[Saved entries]
(* Every set star Lindelöf space of cardinality less than $\mathfrak d$ is set star Menger.
   Context: For a family $\mathcal U$ of subsets of $X$ and $A\subseteq X$, $st(A,\mathcal U)=\bigcup\{U\in\mathcal U: U\cap A\neq\emptyset\}$. $X$ is set star Lindelöf if for every nonempty $A\subseteq X$ and every family $\mathcal U$ of open subsets of $X$ with $\overline A\subseteq\bigcup\mathcal U$ there is a countable $\mathcal V\subseteq\mathcal U$ with $A\subseteq st(\bigcup\mathcal V,\mathcal U)$. $X$ is set star Menger if for every nonempty $A\subseteq X$ and every sequence $(\mathcal U_n:n\in\omega)$ of families of open sets with $\overline A\subseteq\bigcup\mathcal U_n$ for all $n$, there are finite $\mathcal V_n\subseteq\mathcal U_n$ with $A\subseteq\bigcup_n st(\bigcup\mathcal V_n,\mathcal U_n)$. $\mathfrak d$ is the minimal cardinality of a cofinal subset of $(\omega^\omega,\leq^* )$, where $f\leq^* g$ means $f(n)\leq g(n)$ for all but finitely many $n$. *)

From HB Require Import structures.
From mathcomp Require Import all_boot all_order all_algebra.
From mathcomp Require Import all_classical all_reals all_analysis.
Set Implicit Arguments. Unset Strict Implicit. Unset Printing Implicit Defensive.
Local Open Scope classical_set_scope.

Definition star {T : Type} (A : set T) (U : set (set T)) : set T :=
  \bigcup_(V in [set V | U V /\ V `&` A !=set0]) V.

Definition open_family {T : topologicalType} (U : set (set T)) : Prop :=
  forall V, U V -> open V.

Definition set_star_Lindelof (T : topologicalType) : Prop :=
  forall (A : set T) (U : set (set T)),
    A !=set0 -> open_family U -> closure A `<=` \bigcup_(V in U) V ->
    exists W : set (set T), W `<=` U /\ countable W /\
      A `<=` star (\bigcup_(V in W) V) U.

Definition set_star_Menger (T : topologicalType) : Prop :=
  forall (A : set T) (U : nat -> set (set T)),
    A !=set0 -> (forall n, open_family (U n)) ->
    (forall n, closure A `<=` \bigcup_(V in U n) V) ->
    exists W : nat -> set (set T),
      (forall n, W n `<=` U n /\ finite_set (W n)) /\
      A `<=` \bigcup_n star (\bigcup_(V in W n) V) (U n).

Definition le_star (f g : nat -> nat) : Prop :=
  exists N, forall n, (N <= n)%N -> (f n <= g n)%N.

Definition dominating (D : set (nat -> nat)) : Prop :=
  forall g, exists2 f, D f & le_star g f.

(* |X| < d  iff  not (d <= |X|), i.e. no dominating family D with |D| <= |X|
   (d being the least cardinality of a dominating family). *)
Definition card_lt_dominating (T : Type) : Prop :=
  ~ exists D : set (nat -> nat), dominating D /\ (D #<= [set: T])%card.

From mathcomp Require Import all_boot all_order all_algebra.
From mathcomp Require Import all_classical all_reals all_analysis.

Set Implicit Arguments.
Unset Strict Implicit.

Local Open Scope classical_set_scope.

(* For each n, set star Lindelöf gives a countable W_n <= U_n with
   A <= st(\bigcup W_n, U_n).  Writing W_n as an increasing union of finite
   families W_n,k, each x in A lies in st(\bigcup W_n,k, U_n) from some stage
   k = f_x(n) on.  The at most |X| < d functions f_x are not dominating, so a
   single g satisfies f_x(n) < g(n) for some n, for every x; the finite
   families W_n,g(n) then witness set star Menger. *)

Lemma star_mono (T : Type) (U : set (set T)) (B C : set T) :
  B `<=` C -> star B U `<=` star C U.
Proof.
move=> BC x [V [UV [y [Vy By]]] Vx]; exists V => //; split => //.
by exists y; split => //; apply: BC.
Qed.

Lemma star_bigcup_exhaustion (T : Type) (U W : set (set T))
    (E : nat -> set (set T)) :
  W `<=` \bigcup_k E k ->
  star (\bigcup_(V in W) V) U `<=` \bigcup_k star (\bigcup_(V in E k) V) U.
Proof.
move=> WE x [V0 [UV0 [y [V0y [V WV Vy]]]] V0x].
have [k _ EkV] := WE V WV.
by exists k => //; exists V0 => //; split => //; exists y; split => //; exists V.
Qed.

Lemma countable_finite_exhaustion (X : Type) (W : set X) : countable W ->
  exists E : nat -> set X,
    [/\ forall k, E k `<=` W /\ finite_set (E k),
        forall k l, (k <= l)%N -> E k `<=` E l
      & W `<=` \bigcup_k E k].
Proof.
move=> /countable_injP [i i_inj].
exists (fun k => W `&` i @^-1` `I_k.+1); split.
- move=> k; split=> [V [] //|].
  have Ek_inj : {in W `&` i @^-1` `I_k.+1 &, injective i}.
    by move=> a b /set_mem[Wa _] /set_mem[Wb _]; apply: i_inj; rewrite inE.
  have /card_eqPle [_ Ek_le] := inj_card_eq Ek_inj.
  apply: card_le_finite Ek_le (sub_finite_set _ (finite_II k.+1)).
  by move=> _ [V [_ ik] <-].
- by move=> k l kl V [WV ik]; split=> //=; apply: leq_trans ik _.
- by move=> V WV; exists (i V) => //; split => //=.
Qed.

Lemma set_star_Lindelof_finite_exhaustion (T : topologicalType) (A : set T)
    (U : set (set T)) :
  set_star_Lindelof T -> A !=set0 -> open_family U ->
  closure A `<=` \bigcup_(V in U) V ->
  exists E : nat -> set (set T),
    [/\ forall k, E k `<=` U /\ finite_set (E k),
        forall k l, (k <= l)%N -> E k `<=` E l
      & A `<=` \bigcup_k star (\bigcup_(V in E k) V) U].
Proof.
move=> lindelof A0 U_open U_cover.
have [W [WU [W_countable AW]]] := lindelof A U A0 U_open U_cover.
have [E [E_fin E_mono W_E]] := countable_finite_exhaustion W_countable.
exists E; split=> // [k|]; first by have [EW ?] := E_fin k; split=> // V /EW /WU.
by move=> x /AW; apply: star_bigcup_exhaustion.
Qed.

Lemma card_lt_dominating_exceeds (T : Type) (F : T -> nat -> nat) :
  card_lt_dominating T -> exists g : nat -> nat, forall x, exists n, (F x n < g n)%N.
Proof.
move=> small; apply: contrapT => no_g; apply: small.
exists (range F); split; last exact: card_image_le.
move=> g; apply: contrapT => g_undominated; apply: no_g; exists g => x.
apply: contrapT => Fx_ge; apply: g_undominated; exists (F x); first by exists x.
by exists 0%N => n _; rewrite leqNgt; apply/negP => gF; apply: Fx_ge; exists n.
Qed.

Theorem proposition2p5 (T : topologicalType) :
  set_star_Lindelof T -> card_lt_dominating T -> set_star_Menger T.
Proof.
move=> lindelof small A U A0 U_open U_cover.
have /choice [E E_spec] := fun n =>
  set_star_Lindelof_finite_exhaustion lindelof A0 (U_open n) (U_cover n).
pose caught n k := star (\bigcup_(V in E n k) V) (U n).
have /choice [F F_spec] : forall x, exists Fx : nat -> nat, forall n,
    (exists k, caught n k x) -> caught n (Fx n) x.
  move=> x; have /choice [Fx Fx_spec] : forall n, exists k,
      (exists k, caught n k x) -> caught n k x.
    move=> n; have [[k ?]|no_k] := pselect (exists k, caught n k x).
      by exists k.
    by exists 0%N => /no_k.
  by exists Fx.
have [g g_beats] := card_lt_dominating_exceeds F small.
exists (fun n => E n (g n)); split=> [n|x Ax]; first by have [] := E_spec n.
have [n Fg] := g_beats x; have [_ E_mono A_caught] := E_spec n.
have E_sub : \bigcup_(V in E n (F x n)) V `<=` \bigcup_(V in E n (g n)) V.
  exact/bigcup_subset/E_mono/ltnW.
exists n => //; apply: (star_mono E_sub).
by apply: F_spec; have [k _] := A_caught x Ax; exists k.
Qed.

> _TASK DETAILS_: Transcribe the records above in full, exactly as they stand.

> _ANSWER TO THIS PROBLEM_:
(* Every set star Lindelöf space of cardinality less than $\mathfrak d$ is set star Menger.
   Context: For a family $\mathcal U$ of subsets of $X$ and $A\subseteq X$, $st(A,\mathcal U)=\bigcup\{U\in\mathcal U: U\cap A\neq\emptyset\}$. $X$ is set star Lindelöf if for every nonempty $A\subseteq X$ and every family $\mathcal U$ of open subsets of $X$ with $\overline A\subseteq\bigcup\mathcal U$ there is a countable $\mathcal V\subseteq\mathcal U$ with $A\subseteq st(\bigcup\mathcal V,\mathcal U)$. $X$ is set star Menger if for every nonempty $A\subseteq X$ and every sequence $(\mathcal U_n:n\in\omega)$ of families of open sets with $\overline A\subseteq\bigcup\mathcal U_n$ for all $n$, there are finite $\mathcal V_n\subseteq\mathcal U_n$ with $A\subseteq\bigcup_n st(\bigcup\mathcal V_n,\mathcal U_n)$. $\mathfrak d$ is the minimal cardinality of a cofinal subset of $(\omega^\omega,\leq^* )$, where $f\leq^* g$ means $f(n)\leq g(n)$ for all but finitely many $n$. *)

From HB Require Import structures.
From mathcomp Require Import all_boot all_order all_algebra.
From mathcomp Require Import all_classical all_reals all_analysis.
Set Implicit Arguments. Unset Strict Implicit. Unset Printing Implicit Defensive.
Local Open Scope classical_set_scope.

Definition star {T : Type} (A : set T) (U : set (set T)) : set T :=
  \bigcup_(V in [set V | U V /\ V `&` A !=set0]) V.

Definition open_family {T : topologicalType} (U : set (set T)) : Prop :=
  forall V, U V -> open V.

Definition set_star_Lindelof (T : topologicalType) : Prop :=
  forall (A : set T) (U : set (set T)),
    A !=set0 -> open_family U -> closure A `<=` \bigcup_(V in U) V ->
    exists W : set (set T), W `<=` U /\ countable W /\
      A `<=` star (\bigcup_(V in W) V) U.

Definition set_star_Menger (T : topologicalType) : Prop :=
  forall (A : set T) (U : nat -> set (set T)),
    A !=set0 -> (forall n, open_family (U n)) ->
    (forall n, closure A `<=` \bigcup_(V in U n) V) ->
    exists W : nat -> set (set T),
      (forall n, W n `<=` U n /\ finite_set (W n)) /\
      A `<=` \bigcup_n star (\bigcup_(V in W n) V) (U n).

Definition le_star (f g : nat -> nat) : Prop :=
  exists N, forall n, (N <= n)%N -> (f n <= g n)%N.

Definition dominating (D : set (nat -> nat)) : Prop :=
  forall g, exists2 f, D f & le_star g f.

(* |X| < d  iff  not (d <= |X|), i.e. no dominating family D with |D| <= |X|
   (d being the least cardinality of a dominating family). *)
Definition card_lt_dominating (T : Type) : Prop :=
  ~ exists D : set (nat -> nat), dominating D /\ (D #<= [set: T])%card.

From mathcomp Require Import all_boot all_order all_algebra.
From mathcomp Require Import all_classical all_reals all_analysis.

Set Implicit Arguments.
Unset Strict Implicit.

Local Open Scope classical_set_scope.

(* For each n, set star Lindelöf gives a countable W_n <= U_n with
   A <= st(\bigcup W_n, U_n).  Writing W_n as an increasing union of finite
   families W_n,k, each x in A lies in st(\bigcup W_n,k, U_n) from some stage
   k = f_x(n) on.  The at most |X| < d functions f_x are not dominating, so a
   single g satisfies f_x(n) < g(n) for some n, for every x; the finite
   families W_n,g(n) then witness set star Menger. *)

Lemma star_mono (T : Type) (U : set (set T)) (B C : set T) :
  B `<=` C -> star B U `<=` star C U.
Proof.
move=> BC x [V [UV [y [Vy By]]] Vx]; exists V => //; split => //.
by exists y; split => //; apply: BC.
Qed.

Lemma star_bigcup_exhaustion (T : Type) (U W : set (set T))
    (E : nat -> set (set T)) :
  W `<=` \bigcup_k E k ->
  star (\bigcup_(V in W) V) U `<=` \bigcup_k star (\bigcup_(V in E k) V) U.
Proof.
move=> WE x [V0 [UV0 [y [V0y [V WV Vy]]]] V0x].
have [k _ EkV] := WE V WV.
by exists k => //; exists V0 => //; split => //; exists y; split => //; exists V.
Qed.

Lemma countable_finite_exhaustion (X : Type) (W : set X) : countable W ->
  exists E : nat -> set X,
    [/\ forall k, E k `<=` W /\ finite_set (E k),
        forall k l, (k <= l)%N -> E k `<=` E l
      & W `<=` \bigcup_k E k].
Proof.
move=> /countable_injP [i i_inj].
exists (fun k => W `&` i @^-1` `I_k.+1); split.
- move=> k; split=> [V [] //|].
  have Ek_inj : {in W `&` i @^-1` `I_k.+1 &, injective i}.
    by move=> a b /set_mem[Wa _] /set_mem[Wb _]; apply: i_inj; rewrite inE.
  have /card_eqPle [_ Ek_le] := inj_card_eq Ek_inj.
  apply: card_le_finite Ek_le (sub_finite_set _ (finite_II k.+1)).
  by move=> _ [V [_ ik] <-].
- by move=> k l kl V [WV ik]; split=> //=; apply: leq_trans ik _.
- by move=> V WV; exists (i V) => //; split => //=.
Qed.

Lemma set_star_Lindelof_finite_exhaustion (T : topologicalType) (A : set T)
    (U : set (set T)) :
  set_star_Lindelof T -> A !=set0 -> open_family U ->
  closure A `<=` \bigcup_(V in U) V ->
  exists E : nat -> set (set T),
    [/\ forall k, E k `<=` U /\ finite_set (E k),
        forall k l, (k <= l)%N -> E k `<=` E l
      & A `<=` \bigcup_k star (\bigcup_(V in E k) V) U].
Proof.
move=> lindelof A0 U_open U_cover.
have [W [WU [W_countable AW]]] := lindelof A U A0 U_open U_cover.
have [E [E_fin E_mono W_E]] := countable_finite_exhaustion W_countable.
exists E; split=> // [k|]; first by have [EW ?] := E_fin k; split=> // V /EW /WU.
by move=> x /AW; apply: star_bigcup_exhaustion.
Qed.

Lemma card_lt_dominating_exceeds (T : Type) (F : T -> nat -> nat) :
  card_lt_dominating T -> exists g : nat -> nat, forall x, exists n, (F x n < g n)%N.
Proof.
move=> small; apply: contrapT => no_g; apply: small.
exists (range F); split; last exact: card_image_le.
move=> g; apply: contrapT => g_undominated; apply: no_g; exists g => x.
apply: contrapT => Fx_ge; apply: g_undominated; exists (F x); first by exists x.
by exists 0%N => n _; rewrite leqNgt; apply/negP => gF; apply: Fx_ge; exists n.
Qed.

Theorem proposition2p5 (T : topologicalType) :
  set_star_Lindelof T -> card_lt_dominating T -> set_star_Menger T.
Proof.
move=> lindelof small A U A0 U_open U_cover.
have /choice [E E_spec] := fun n =>
  set_star_Lindelof_finite_exhaustion lindelof A0 (U_open n) (U_cover n).
pose caught n k := star (\bigcup_(V in E n k) V) (U n).
have /choice [F F_spec] : forall x, exists Fx : nat -> nat, forall n,
    (exists k, caught n k x) -> caught n (Fx n) x.
  move=> x; have /choice [Fx Fx_spec] : forall n, exists k,
      (exists k, caught n k x) -> caught n k x.
    move=> n; have [[k ?]|no_k] := pselect (exists k, caught n k x).
      by exists k.
    by exists 0%N => /no_k.
  by exists Fx.
have [g g_beats] := card_lt_dominating_exceeds F small.
exists (fun n => E n (g n)); split=> [n|x Ax]; first by have [] := E_spec n.
have [n Fg] := g_beats x; have [_ E_mono A_caught] := E_spec n.
have E_sub : \bigcup_(V in E n (F x n)) V `<=` \bigcup_(V in E n (g n)) V.
  exact/bigcup_subset/E_mono/ltnW.
exists n => //; apply: (star_mono E_sub).
by apply: F_spec; have [k _] := A_caught x Ax; exists k.
Qed.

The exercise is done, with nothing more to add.